**What you should do:**
Below are records; copy every line among them that contains the word "andP".

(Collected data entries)

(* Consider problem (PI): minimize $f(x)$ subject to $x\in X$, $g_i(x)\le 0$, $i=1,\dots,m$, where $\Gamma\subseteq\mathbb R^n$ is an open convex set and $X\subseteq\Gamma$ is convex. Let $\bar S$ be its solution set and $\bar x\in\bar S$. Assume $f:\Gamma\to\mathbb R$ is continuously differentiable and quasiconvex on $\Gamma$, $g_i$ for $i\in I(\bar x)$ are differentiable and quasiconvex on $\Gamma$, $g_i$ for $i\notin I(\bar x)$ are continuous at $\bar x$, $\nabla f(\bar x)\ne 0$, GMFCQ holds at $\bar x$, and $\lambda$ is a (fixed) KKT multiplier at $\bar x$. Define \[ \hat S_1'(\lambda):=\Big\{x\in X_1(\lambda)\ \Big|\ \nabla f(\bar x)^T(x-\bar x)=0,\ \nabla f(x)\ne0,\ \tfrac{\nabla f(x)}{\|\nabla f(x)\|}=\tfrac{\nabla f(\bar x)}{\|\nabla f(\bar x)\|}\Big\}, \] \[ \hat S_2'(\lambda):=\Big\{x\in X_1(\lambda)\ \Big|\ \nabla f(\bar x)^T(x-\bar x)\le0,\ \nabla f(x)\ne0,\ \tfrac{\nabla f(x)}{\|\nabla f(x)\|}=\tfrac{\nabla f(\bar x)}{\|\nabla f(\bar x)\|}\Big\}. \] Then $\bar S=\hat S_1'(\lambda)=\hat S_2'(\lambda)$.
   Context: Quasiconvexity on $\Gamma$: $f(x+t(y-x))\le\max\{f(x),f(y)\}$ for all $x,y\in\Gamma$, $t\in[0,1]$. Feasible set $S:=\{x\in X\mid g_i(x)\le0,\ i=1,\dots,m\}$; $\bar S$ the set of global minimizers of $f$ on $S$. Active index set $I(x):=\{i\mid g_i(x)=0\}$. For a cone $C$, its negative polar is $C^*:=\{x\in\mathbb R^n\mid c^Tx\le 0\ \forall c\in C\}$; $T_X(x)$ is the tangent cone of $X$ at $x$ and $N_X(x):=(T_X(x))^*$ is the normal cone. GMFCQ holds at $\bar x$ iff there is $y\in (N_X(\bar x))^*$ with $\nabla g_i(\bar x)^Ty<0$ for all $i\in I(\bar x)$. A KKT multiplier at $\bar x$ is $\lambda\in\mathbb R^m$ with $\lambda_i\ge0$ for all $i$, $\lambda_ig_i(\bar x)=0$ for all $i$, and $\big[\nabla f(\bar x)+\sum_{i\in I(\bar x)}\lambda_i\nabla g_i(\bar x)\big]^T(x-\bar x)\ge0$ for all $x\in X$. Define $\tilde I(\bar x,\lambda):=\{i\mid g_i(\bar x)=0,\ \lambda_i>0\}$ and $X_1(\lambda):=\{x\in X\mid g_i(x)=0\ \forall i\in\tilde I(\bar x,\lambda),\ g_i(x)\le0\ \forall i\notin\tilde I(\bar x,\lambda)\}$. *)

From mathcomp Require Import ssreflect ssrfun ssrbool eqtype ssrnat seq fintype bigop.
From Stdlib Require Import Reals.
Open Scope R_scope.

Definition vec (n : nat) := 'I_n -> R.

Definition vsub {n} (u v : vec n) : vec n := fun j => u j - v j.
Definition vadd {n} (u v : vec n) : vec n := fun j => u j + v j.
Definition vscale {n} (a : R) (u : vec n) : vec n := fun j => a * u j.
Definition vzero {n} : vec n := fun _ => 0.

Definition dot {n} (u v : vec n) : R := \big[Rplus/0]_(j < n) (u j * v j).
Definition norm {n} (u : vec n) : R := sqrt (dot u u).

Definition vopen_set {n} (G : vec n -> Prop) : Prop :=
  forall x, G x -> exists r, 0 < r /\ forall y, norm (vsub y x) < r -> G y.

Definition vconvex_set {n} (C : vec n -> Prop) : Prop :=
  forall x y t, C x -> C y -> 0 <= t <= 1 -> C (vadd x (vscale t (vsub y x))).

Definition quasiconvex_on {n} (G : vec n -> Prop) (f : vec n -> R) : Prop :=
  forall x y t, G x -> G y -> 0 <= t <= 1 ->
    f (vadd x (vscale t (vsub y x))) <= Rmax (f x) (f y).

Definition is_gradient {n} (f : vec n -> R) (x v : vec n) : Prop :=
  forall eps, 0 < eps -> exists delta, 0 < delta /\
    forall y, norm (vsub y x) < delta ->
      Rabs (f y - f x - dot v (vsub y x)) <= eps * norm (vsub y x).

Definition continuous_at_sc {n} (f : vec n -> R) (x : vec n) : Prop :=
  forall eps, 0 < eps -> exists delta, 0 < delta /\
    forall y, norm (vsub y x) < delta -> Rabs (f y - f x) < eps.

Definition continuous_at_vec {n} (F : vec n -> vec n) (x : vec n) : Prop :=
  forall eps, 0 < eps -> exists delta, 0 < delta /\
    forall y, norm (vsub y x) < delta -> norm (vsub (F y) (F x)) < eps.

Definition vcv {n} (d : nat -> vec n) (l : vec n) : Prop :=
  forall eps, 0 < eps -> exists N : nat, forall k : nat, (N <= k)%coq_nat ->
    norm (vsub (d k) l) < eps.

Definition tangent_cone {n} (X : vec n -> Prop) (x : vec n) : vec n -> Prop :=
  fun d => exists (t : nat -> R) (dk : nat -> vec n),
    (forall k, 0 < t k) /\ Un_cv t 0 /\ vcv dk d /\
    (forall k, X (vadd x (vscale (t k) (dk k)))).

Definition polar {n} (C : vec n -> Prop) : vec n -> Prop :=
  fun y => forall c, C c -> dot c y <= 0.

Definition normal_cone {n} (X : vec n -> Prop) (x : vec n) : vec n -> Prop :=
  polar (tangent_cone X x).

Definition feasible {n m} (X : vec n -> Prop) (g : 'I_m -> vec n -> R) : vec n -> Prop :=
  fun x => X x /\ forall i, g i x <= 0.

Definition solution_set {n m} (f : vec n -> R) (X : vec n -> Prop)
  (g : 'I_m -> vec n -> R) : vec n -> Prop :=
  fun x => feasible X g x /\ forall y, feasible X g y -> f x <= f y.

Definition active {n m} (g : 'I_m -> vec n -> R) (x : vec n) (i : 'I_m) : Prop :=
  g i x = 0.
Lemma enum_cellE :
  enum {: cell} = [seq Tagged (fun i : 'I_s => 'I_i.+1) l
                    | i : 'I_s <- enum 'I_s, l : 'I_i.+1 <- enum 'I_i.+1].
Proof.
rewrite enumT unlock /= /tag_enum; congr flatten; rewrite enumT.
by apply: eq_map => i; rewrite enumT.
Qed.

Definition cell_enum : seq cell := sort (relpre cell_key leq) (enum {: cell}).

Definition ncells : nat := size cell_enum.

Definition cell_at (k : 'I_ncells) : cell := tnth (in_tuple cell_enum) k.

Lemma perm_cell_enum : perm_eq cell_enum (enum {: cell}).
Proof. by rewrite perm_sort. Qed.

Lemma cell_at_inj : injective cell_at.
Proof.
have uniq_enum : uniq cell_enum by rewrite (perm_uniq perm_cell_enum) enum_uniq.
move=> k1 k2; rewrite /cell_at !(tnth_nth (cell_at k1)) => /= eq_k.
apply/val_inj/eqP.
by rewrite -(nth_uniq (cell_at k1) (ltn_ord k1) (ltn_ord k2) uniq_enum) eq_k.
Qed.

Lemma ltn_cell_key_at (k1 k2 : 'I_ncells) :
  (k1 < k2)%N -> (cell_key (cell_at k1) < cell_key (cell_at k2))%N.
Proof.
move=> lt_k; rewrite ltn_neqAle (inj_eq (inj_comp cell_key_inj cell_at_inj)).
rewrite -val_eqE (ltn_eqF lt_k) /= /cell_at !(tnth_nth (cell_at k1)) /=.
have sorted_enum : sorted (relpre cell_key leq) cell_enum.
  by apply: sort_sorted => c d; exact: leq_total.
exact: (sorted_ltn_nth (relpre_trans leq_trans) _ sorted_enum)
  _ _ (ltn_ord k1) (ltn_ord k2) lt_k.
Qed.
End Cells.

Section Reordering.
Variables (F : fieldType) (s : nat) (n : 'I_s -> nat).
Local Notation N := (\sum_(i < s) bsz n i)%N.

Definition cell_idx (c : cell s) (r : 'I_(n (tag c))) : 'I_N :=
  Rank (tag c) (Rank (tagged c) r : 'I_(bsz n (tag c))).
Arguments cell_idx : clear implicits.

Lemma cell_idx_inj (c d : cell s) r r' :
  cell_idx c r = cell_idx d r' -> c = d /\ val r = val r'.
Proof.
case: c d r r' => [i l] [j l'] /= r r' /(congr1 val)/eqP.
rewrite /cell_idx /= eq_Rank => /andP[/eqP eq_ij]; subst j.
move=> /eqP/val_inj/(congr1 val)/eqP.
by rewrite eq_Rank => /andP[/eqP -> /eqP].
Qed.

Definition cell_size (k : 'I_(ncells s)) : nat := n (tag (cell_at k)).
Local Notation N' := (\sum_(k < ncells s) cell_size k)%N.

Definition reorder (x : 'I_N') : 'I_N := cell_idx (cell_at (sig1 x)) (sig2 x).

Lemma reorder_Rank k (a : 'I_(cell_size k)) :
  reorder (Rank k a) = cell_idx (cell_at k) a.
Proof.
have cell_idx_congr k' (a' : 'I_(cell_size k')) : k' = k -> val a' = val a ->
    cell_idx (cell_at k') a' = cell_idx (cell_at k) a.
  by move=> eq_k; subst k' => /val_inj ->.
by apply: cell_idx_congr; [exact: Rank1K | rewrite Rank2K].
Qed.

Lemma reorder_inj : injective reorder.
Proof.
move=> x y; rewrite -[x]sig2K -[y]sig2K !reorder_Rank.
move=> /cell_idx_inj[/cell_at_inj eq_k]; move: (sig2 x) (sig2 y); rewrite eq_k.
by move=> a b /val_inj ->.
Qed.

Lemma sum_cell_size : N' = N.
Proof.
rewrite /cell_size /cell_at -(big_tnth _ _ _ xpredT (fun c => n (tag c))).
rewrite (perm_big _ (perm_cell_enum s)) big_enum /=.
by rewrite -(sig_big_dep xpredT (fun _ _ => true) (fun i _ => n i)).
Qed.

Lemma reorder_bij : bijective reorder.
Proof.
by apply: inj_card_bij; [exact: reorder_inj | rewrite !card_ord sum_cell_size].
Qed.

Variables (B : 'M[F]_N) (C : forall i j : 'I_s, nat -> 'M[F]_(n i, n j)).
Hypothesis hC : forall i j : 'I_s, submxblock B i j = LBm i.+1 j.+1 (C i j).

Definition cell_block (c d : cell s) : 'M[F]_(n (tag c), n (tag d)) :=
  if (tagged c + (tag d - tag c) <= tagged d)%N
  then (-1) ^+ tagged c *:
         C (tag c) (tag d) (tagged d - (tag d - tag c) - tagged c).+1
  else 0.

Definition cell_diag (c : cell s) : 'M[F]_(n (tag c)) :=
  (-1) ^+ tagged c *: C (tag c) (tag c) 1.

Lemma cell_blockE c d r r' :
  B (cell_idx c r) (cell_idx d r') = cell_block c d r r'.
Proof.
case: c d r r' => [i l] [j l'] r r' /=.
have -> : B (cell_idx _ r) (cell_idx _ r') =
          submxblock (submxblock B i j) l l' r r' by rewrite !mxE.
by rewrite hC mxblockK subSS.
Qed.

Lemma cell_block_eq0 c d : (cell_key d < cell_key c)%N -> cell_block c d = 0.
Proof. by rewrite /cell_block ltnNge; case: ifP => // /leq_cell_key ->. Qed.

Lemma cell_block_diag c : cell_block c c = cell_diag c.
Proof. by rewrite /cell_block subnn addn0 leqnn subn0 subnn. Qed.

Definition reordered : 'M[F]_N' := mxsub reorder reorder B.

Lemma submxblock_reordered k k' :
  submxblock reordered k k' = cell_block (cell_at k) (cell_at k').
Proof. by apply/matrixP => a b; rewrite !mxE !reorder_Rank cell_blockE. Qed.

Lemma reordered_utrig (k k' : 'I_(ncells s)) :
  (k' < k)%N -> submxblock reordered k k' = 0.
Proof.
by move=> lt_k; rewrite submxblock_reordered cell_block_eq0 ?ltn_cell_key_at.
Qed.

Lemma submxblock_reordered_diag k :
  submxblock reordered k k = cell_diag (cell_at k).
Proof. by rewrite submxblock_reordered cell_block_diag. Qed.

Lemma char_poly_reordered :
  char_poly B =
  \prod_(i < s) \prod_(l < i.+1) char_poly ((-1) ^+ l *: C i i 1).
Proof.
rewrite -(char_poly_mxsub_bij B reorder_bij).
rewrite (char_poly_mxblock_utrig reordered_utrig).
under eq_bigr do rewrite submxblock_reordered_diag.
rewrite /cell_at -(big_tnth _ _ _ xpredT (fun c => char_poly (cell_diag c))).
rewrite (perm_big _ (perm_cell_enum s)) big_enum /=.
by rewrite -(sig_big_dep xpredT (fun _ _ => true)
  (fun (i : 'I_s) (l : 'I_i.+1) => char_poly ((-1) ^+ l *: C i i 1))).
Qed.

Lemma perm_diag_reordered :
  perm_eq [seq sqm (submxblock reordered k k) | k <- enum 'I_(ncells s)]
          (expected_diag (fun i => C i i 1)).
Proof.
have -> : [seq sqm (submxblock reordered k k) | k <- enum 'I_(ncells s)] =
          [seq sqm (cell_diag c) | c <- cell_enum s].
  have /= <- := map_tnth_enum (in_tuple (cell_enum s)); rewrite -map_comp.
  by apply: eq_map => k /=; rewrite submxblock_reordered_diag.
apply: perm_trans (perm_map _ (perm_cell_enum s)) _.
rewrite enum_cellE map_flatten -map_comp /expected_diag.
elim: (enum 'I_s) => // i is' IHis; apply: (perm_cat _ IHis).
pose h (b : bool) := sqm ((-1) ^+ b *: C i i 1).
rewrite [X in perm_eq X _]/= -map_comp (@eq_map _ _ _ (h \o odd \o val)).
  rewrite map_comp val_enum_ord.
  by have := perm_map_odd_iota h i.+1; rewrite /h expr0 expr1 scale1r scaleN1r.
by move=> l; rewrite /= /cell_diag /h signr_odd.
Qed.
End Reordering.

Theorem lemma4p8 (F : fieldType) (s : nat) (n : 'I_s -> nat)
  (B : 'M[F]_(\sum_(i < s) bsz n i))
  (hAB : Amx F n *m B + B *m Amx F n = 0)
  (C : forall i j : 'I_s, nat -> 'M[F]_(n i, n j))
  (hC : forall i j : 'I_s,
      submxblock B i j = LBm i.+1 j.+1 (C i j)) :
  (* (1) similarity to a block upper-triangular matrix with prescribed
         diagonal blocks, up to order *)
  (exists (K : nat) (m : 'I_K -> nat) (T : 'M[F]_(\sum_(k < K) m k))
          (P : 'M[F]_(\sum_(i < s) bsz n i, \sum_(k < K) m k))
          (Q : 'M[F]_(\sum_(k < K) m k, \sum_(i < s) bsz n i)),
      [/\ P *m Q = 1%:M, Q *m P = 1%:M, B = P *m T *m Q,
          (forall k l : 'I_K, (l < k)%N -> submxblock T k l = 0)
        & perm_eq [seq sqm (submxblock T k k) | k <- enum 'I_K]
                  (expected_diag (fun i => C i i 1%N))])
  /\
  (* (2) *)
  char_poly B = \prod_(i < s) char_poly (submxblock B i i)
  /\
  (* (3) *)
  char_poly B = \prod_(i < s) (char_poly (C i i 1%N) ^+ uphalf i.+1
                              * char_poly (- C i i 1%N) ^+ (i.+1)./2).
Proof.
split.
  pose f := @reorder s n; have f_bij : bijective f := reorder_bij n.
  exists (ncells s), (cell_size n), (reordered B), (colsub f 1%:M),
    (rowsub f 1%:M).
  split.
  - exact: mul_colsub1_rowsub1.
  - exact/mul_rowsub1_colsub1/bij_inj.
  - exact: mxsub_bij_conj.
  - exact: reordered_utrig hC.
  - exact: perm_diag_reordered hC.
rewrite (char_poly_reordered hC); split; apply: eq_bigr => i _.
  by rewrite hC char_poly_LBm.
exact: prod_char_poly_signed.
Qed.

**Task solution:**
rewrite /cell_idx /= eq_Rank => /andP[/eqP eq_ij]; subst j.
by rewrite eq_Rank => /andP[/eqP -> /eqP].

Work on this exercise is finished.